Partial band 1230 may impart a twist to pumping pouch 1100 when squeezing blood out of internal volume 1100 v. Partial band 1230 may supplement or reinforce a vortex in the blood when squeezing the blood out of internal volume 1100 v. Partial band 1230 may extend in a clockwise or counterclockwise direction from first end portion 1230 a to second end portion 1230 b when viewed from the top through opening 1110.
Partial band 1230 may be configured to squeeze from second end portion 1230 b to first end portion 1230 a. Partial band 1230 may be configured to squeeze from a lower portion to an upper portion of partial band 1230 to push blood up toward opening 1110. Each partial band 1230 may include one or more separate elements.
Partial band 1230 may have a uniform or non-uniform width. Second end portion 1230 b may be square, round, or any other suitable shape.

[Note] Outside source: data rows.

(* For every $m\in\mathbb{N}_0$ and every real $t$ with $|t|<1$, \[ \frac{(\operatorname{arcsinh} t)^{m}}{\sqrt{1+t^2}}=t^m\left[1+\sum_{k=1}^{\infty}\frac{Q(m+1,2k;2)}{\binom{m+2k}{m}}\frac{(2t)^{2k}}{(2k)!}\right]. \]
   Context: $s(n,k)$ denotes the signed Stirling numbers of the first kind, defined by $\frac{[\ln(1+x)]^k}{k!}=\sum_{n=k}^\infty s(n,k)\frac{x^n}{n!}$ for $|x|<1$; equivalently $\prod_{j=0}^{n-1}(z-j)=\sum_{k=0}^n s(n,k)z^k$. For $m\in\mathbb{N}$, $k\in\mathbb{N}_0$ and $\alpha\in\mathbb{R}$ define \[ Q(m,k;\alpha)=\sum_{\ell=0}^{k}\binom{m+\ell-1}{m-1}\, s(m+k-1,m+\ell-1)\left(\frac{m+k-\alpha}{2}\right)^{\ell}, \] with the convention $0^0=1$. *)

From Stdlib Require Import Reals.
From Coquelicot Require Import Coquelicot.
Open Scope R_scope.

(* Signed Stirling numbers of the first kind s(n,k), defined by the
   standard recurrence equivalent to prod_{j<n} (z - j) = sum_k s(n,k) z^k:
   s(0,0)=1, s(0,k+1)=0, s(n+1,0)=0, s(n+1,k+1) = s(n,k) - n s(n,k+1). *)
Fixpoint stirling1 (n k : nat) {struct n} : R :=
  match n, k with
  | O, O => 1
  | O, S _ => 0
  | S _, O => 0
  | S n', S k' => stirling1 n' k' - INR n' * stirling1 n' (S k')
  end.

(* Q(m,k;alpha) = sum_{l=0}^k C(m+l-1, m-1) s(m+k-1, m+l-1) ((m+k-alpha)/2)^l
   (intended for m >= 1; Stdlib's pow has 0^0 = 1). *)
Definition Q (m k : nat) (alpha : R) : R :=
  sum_f_R0 (fun l => Binomial.C (m + l - 1) (m - 1)
                     * stirling1 (m + k - 1) (m + l - 1)
                     * ((INR (m + k) - alpha) / 2) ^ l) k.

From Stdlib Require Import Reals Lia Lra Psatz.
From Coquelicot Require Import Coquelicot.
Open Scope R_scope.
Lemma card_mono_agree_off (e : {set V}) (f : coloring) :
  e != set0 -> #|[set g | monochromatic e g && agree_off e f g]| = q.
Proof.
move=> /set0Pn [x0 x0e].
pose recolor (c : 'I_q) : coloring := [ffun x => if x \in e then c else f x].
have -> : [set g | monochromatic e g && agree_off e f g] = recolor @: [set: 'I_q].
  apply/setP => g; rewrite !inE; apply/andP/imsetP.
  - move=> [/forall_inP mg /forall_inP fg]; exists (g x0); first by rewrite inE.
    apply/ffunP => x; rewrite ffunE; case: ifP => xe.
      by apply/eqP; have /forall_inP := mg x xe; apply.
    by apply/esym/eqP; apply: fg; rewrite inE xe.
  - move=> [c _ ->]; split.
      by apply/forall_inP => x xe; apply/forall_inP => y ye; rewrite !ffunE xe ye.
    by apply/forall_inP => x; rewrite inE ffunE => /negbTE ->.
rewrite card_imset ?cardsT ?card_ord // => c d /ffunP /(_ x0).
by rewrite !ffunE x0e.
Qed.

Lemma card_agree_off (e : {set V}) (g : coloring) :
  #|[set f | agree_off e f g]| = q ^ #|e|.
Proof.
pose F x := if x \in e then (predT : pred 'I_q) else pred1 (g x).
have -> : [set f | agree_off e f g] = [set f in family F].
  apply/setP => f; rewrite !inE; apply/forall_inP/familyP => fg x.
    by rewrite /F; case: ifP => // xe; apply: fg; rewrite inE xe.
  by rewrite inE => /negbTE xe; have := fg x; rewrite /F xe.
rewrite cardsE card_family foldrE big_map big_enum /=.
rewrite (bigID (mem e)) /= [X in _ * X]big1 ?muln1 => [|x /negbTE xe]; last first.
  by rewrite /F xe card1.
rewrite (eq_bigr (fun _ => q)) ?prod_nat_const // => x xe.
by rewrite /F xe card_ord.
Qed.
Lemma pen_row_free al be : (al != 0) || (be != 0) -> row_free (al *: pen0 + be *: pen1).
Proof.
have [-> | be0 _] := eqVneq be 0.
  rewrite orbF scale0r addr0 => al0.
  by rewrite /row_free mxrank_scale_nz //; apply: pen0_free.
(* Right multiplication by pen1^T gives a lower triangular matrix with be on the diagonal. *)
set M := (al *: pen0 + be *: pen1) *m pen1^T.
have ME i j : M i j = al * (i == j.+1 :> nat)%:R + be * (i == j :> nat)%:R.
  rewrite /M mulmxDl -!scalemxAl rowsub1_mul_tr; last exact: lift_inj.
  by rewrite /pen0 /pen1 trmx_mxsub trmx1 -mxsub_mul mul1mx !mxE -!val_eqE.
have trigM : is_trig_mx M.
  apply/is_trig_mxP => i j ij.
  have ij1 : (i < j.+1)%N by rewrite ltnS ltnW.
  by rewrite ME (ltn_eqF ij) (ltn_eqF ij1) !mulr0 addr0.
have uM : M \in unitmx.
  rewrite unitmxE det_trig // unitfE; apply/prodf_neq0 => i _.
  by rewrite ME (ltn_eqF (ltnSn i)) eqxx mulr0 add0r mulr1.
by apply/row_freeP; exists (pen1^T *m invmx M); rewrite mulmxA mulmxV.
Qed.

Lemma pen_stable_scalar al be ga de (R : 'M[k]_n.+1) :
  pen0 *m R = al *: pen0 + be *: pen1 -> pen1 *m R = ga *: pen0 + de *: pen1 ->
  R = al%:M.
Proof.
move=> E0 E1.
have R0 (i : 'I_n) j : R (inord i) j = al * (j == i :> nat)%:R + be * (j == i.+1 :> nat)%:R.
  by rewrite -pen0_mulE E0 pencilE.
have R1 (i : 'I_n) j : R (inord i.+1) j = ga * (j == i :> nat)%:R + de * (j == i.+1 :> nat)%:R.
  by rewrite -pen1_mulE E1 pencilE.
have row1 (j : nat) : (j <= n)%N ->
    al * (j == 1)%:R + be * (j == 2)%:R = ga * (j == 0)%:R + de * (j == 1)%:R.
  by move=> jn; have := R0 (inord 1) (inord j); rewrite !inordK // (R1 ord0) inordK.
have := row1 0%N; have := row1 1%N; have := row1 2%N.
rewrite !mulr0 !mulr1 !addr0 !add0r => /(_ isT) be0 /(_ isT) alde /(_ isT) /esym ga0.
apply/matrixP => i j; rewrite mxE -val_eqE /= eq_sym.
have [ilt | ige] := ltnP i n.
  by have := R0 (Ordinal ilt) j; rewrite /= inord_val be0 mul0r addr0 mulr_natr.
have -> : i = inord (ord_max : 'I_n).+1.
  by apply/val_inj; rewrite /= inordK //; apply/anti_leq; rewrite ige -ltnS ltn_ord.
by rewrite R1 ga0 -alde mul0r add0r mulr_natr inordK.
Qed.

Lemma pen_swap_unstable al be ga de (R : 'M[k]_n.+1) : (0 < e)%N -> R \in unitmx ->
  xrow ord0 (inord 1) (pen0 *m R) = al *: pen0 + be *: pen1 ->
  xrow ord0 (inord 1) (pen1 *m R) = ga *: pen0 + de *: pen1 -> False.
Proof.
move=> e_gt0 uR E0 E1; pose s := tperm (ord0 : 'I_n) (inord 1).
have R0 (i : 'I_n) j : R (inord (s i)) j = al * (j == i :> nat)%:R + be * (j == i.+1 :> nat)%:R.
  by have := congr1 (fun A : 'M[k]_(n, n.+1) => A i j) E0; rewrite /= mxE pen0_mulE pencilE.
have R1 (i : 'I_n) j : R (inord (s i).+1) j = ga * (j == i :> nat)%:R + de * (j == i.+1 :> nat)%:R.
  by have := congr1 (fun A : 'M[k]_(n, n.+1) => A i j) E1; rewrite /= mxE pen1_mulE pencilE.
have s0 : s ord0 = inord 1 by rewrite /s tpermL.
have s1 : s (inord 1) = ord0 by rewrite /s tpermR.
have s2 : s (inord 2) = inord 2.
  by rewrite /s tpermD // -val_eqE /= !inordK.
have row1 (j : nat) : (j <= n)%N ->
    al * (j == 0)%:R + be * (j == 1)%:R = ga * (j == 1)%:R + de * (j == 2)%:R.
  move=> jn; have := R0 ord0 (inord j); rewrite s0 /= !inordK // => <-.
  by have := R1 (inord 1) (inord j); rewrite s1 /= !inordK.
have row2 (j : nat) : (j <= n)%N ->
    al * (j == 2)%:R + be * (j == 3)%:R = ga * (j == 0)%:R + de * (j == 1)%:R.
  move=> jn; have := R0 (inord 2) (inord j); rewrite s2 /= !inordK // => <-.
  by have := R1 ord0 (inord j); rewrite s0 /= !inordK.
have := row1 0%N isT; have := row1 1%N isT; have := row2 3%N e_gt0.
rewrite !mulr0 !mulr1 !addr0 !add0r => be0 bega al0.
have : row (inord 1) R = 0.
  apply/rowP => j; have := R0 ord0 j; rewrite s0 /= inordK // !mxE => ->.
  by rewrite al0 be0 !mul0r addr0.
rewrite rowE -(mul0mx _ R) => /(row_free_inj (A := R)).
rewrite row_free_unit => /(_ uR) /matrixP /(_ 0 (inord 1)).
by rewrite !mxE !eqxx => /eqP; rewrite oner_eq0.
Qed.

FIGS. 2F-2G show top view and side views of one embodiment of ventricular assist device 1000 including a flap 1240. FIG. 2H shows flap 1240 squeezing pumping pouch 1100.
Contraction element 1200 may include at least one flap 1240. Flap 1240 may be coupled to side wall 1120 of pumping pouch 1100. Flap 1240 may be coupled to inner layer 1121 and/or outer layer 1122 of side wall 1120. Flap 1240 may be coupled between inner layer 1121 and outer layer 1122 of side wall 1120.
Flap 1240 may include a first end portion 1240 a and a second end portion 1240 b. First end portion 1240 a may be coupled to pumping pouch 1100. Second end portion 1240 b may be free.
Flap 1240 may be oriented longitudinally, at an angle, or circumferentially. Second end portion 1240 b may extend below first end portion 1240 a.
Flap 1240 may impart a twist to pumping pouch 1100 when squeezing blood out of internal volume 1100 v . Flap 1240 may supplement or reinforce a vortex in the blood when squeezing the blood out of internal volume 1100 v . Flap 1240 may extend in a clockwise or counterclockwise direction from first end portion 1240 a to second end portion 1240 b when viewed from the top through opening 1110.
Flap 1240 may be configured to squeeze from second end portion 1240 b to first end portion 1240 a. Flap 1240 may be configured to squeeze from a lower portion to an upper portion of flap 1240 to push blood up toward opening 1110. Each flap 1240 may include one or more separate elements.
Flap 1240 may have a non-uniform or uniform width. Second end portion 1240 b may be round, square, or any other suitable shape.
FIG. 3 shows one embodiment of ventricular assist device 1000 including a side strip 1250.
Contraction element 1200 may include at least one side strip 1250. Side strip 1250 may be coupled to side wall 1120 of pumping pouch 1100. Side strip 1250 may be coupled to inner layer 1121 and/or outer layer 1122 of side wall 1120. Side strip 1250 may be coupled between inner layer 1121 and outer layer 1122 of side wall 1120. Side strip 1250 may be coupled to side wall 1120 along at least a part of a length of side strip 1250. Side strip 1250 may extend from upper portion 1100 a to lower portion 1100 b of pumping pouch 1100.
Side strip 1250 may be oriented longitudinally and/or at an angle. Side strip 1250 with an angled orientation may impart a twist to pumping pouch 1100 when squeezing the blood out of internal volume 1100 v . Side strip 1250 may supplement or reinforce a vortex in the blood when squeezing blood out of internal volume 1100 v . Side strip 1250 may be angled in a clockwise or counterclockwise direction when viewed from nearer to farther.
Side strip 1250 may be configured to squeeze from a lower portion 1250 b to an upper portion 1250 a of side strip 1250 to push blood up toward opening 1110. Each side strip 1250 may include one or more separate elements.
Side strip 1250 may have a uniform or non-uniform width. Side strip 1250 may be one or more of straight, curved, wavy, meandering, and any other suitable shape.
FIG. 4 shows one embodiment of ventricular assist device 1000 including a bottom strip 1260.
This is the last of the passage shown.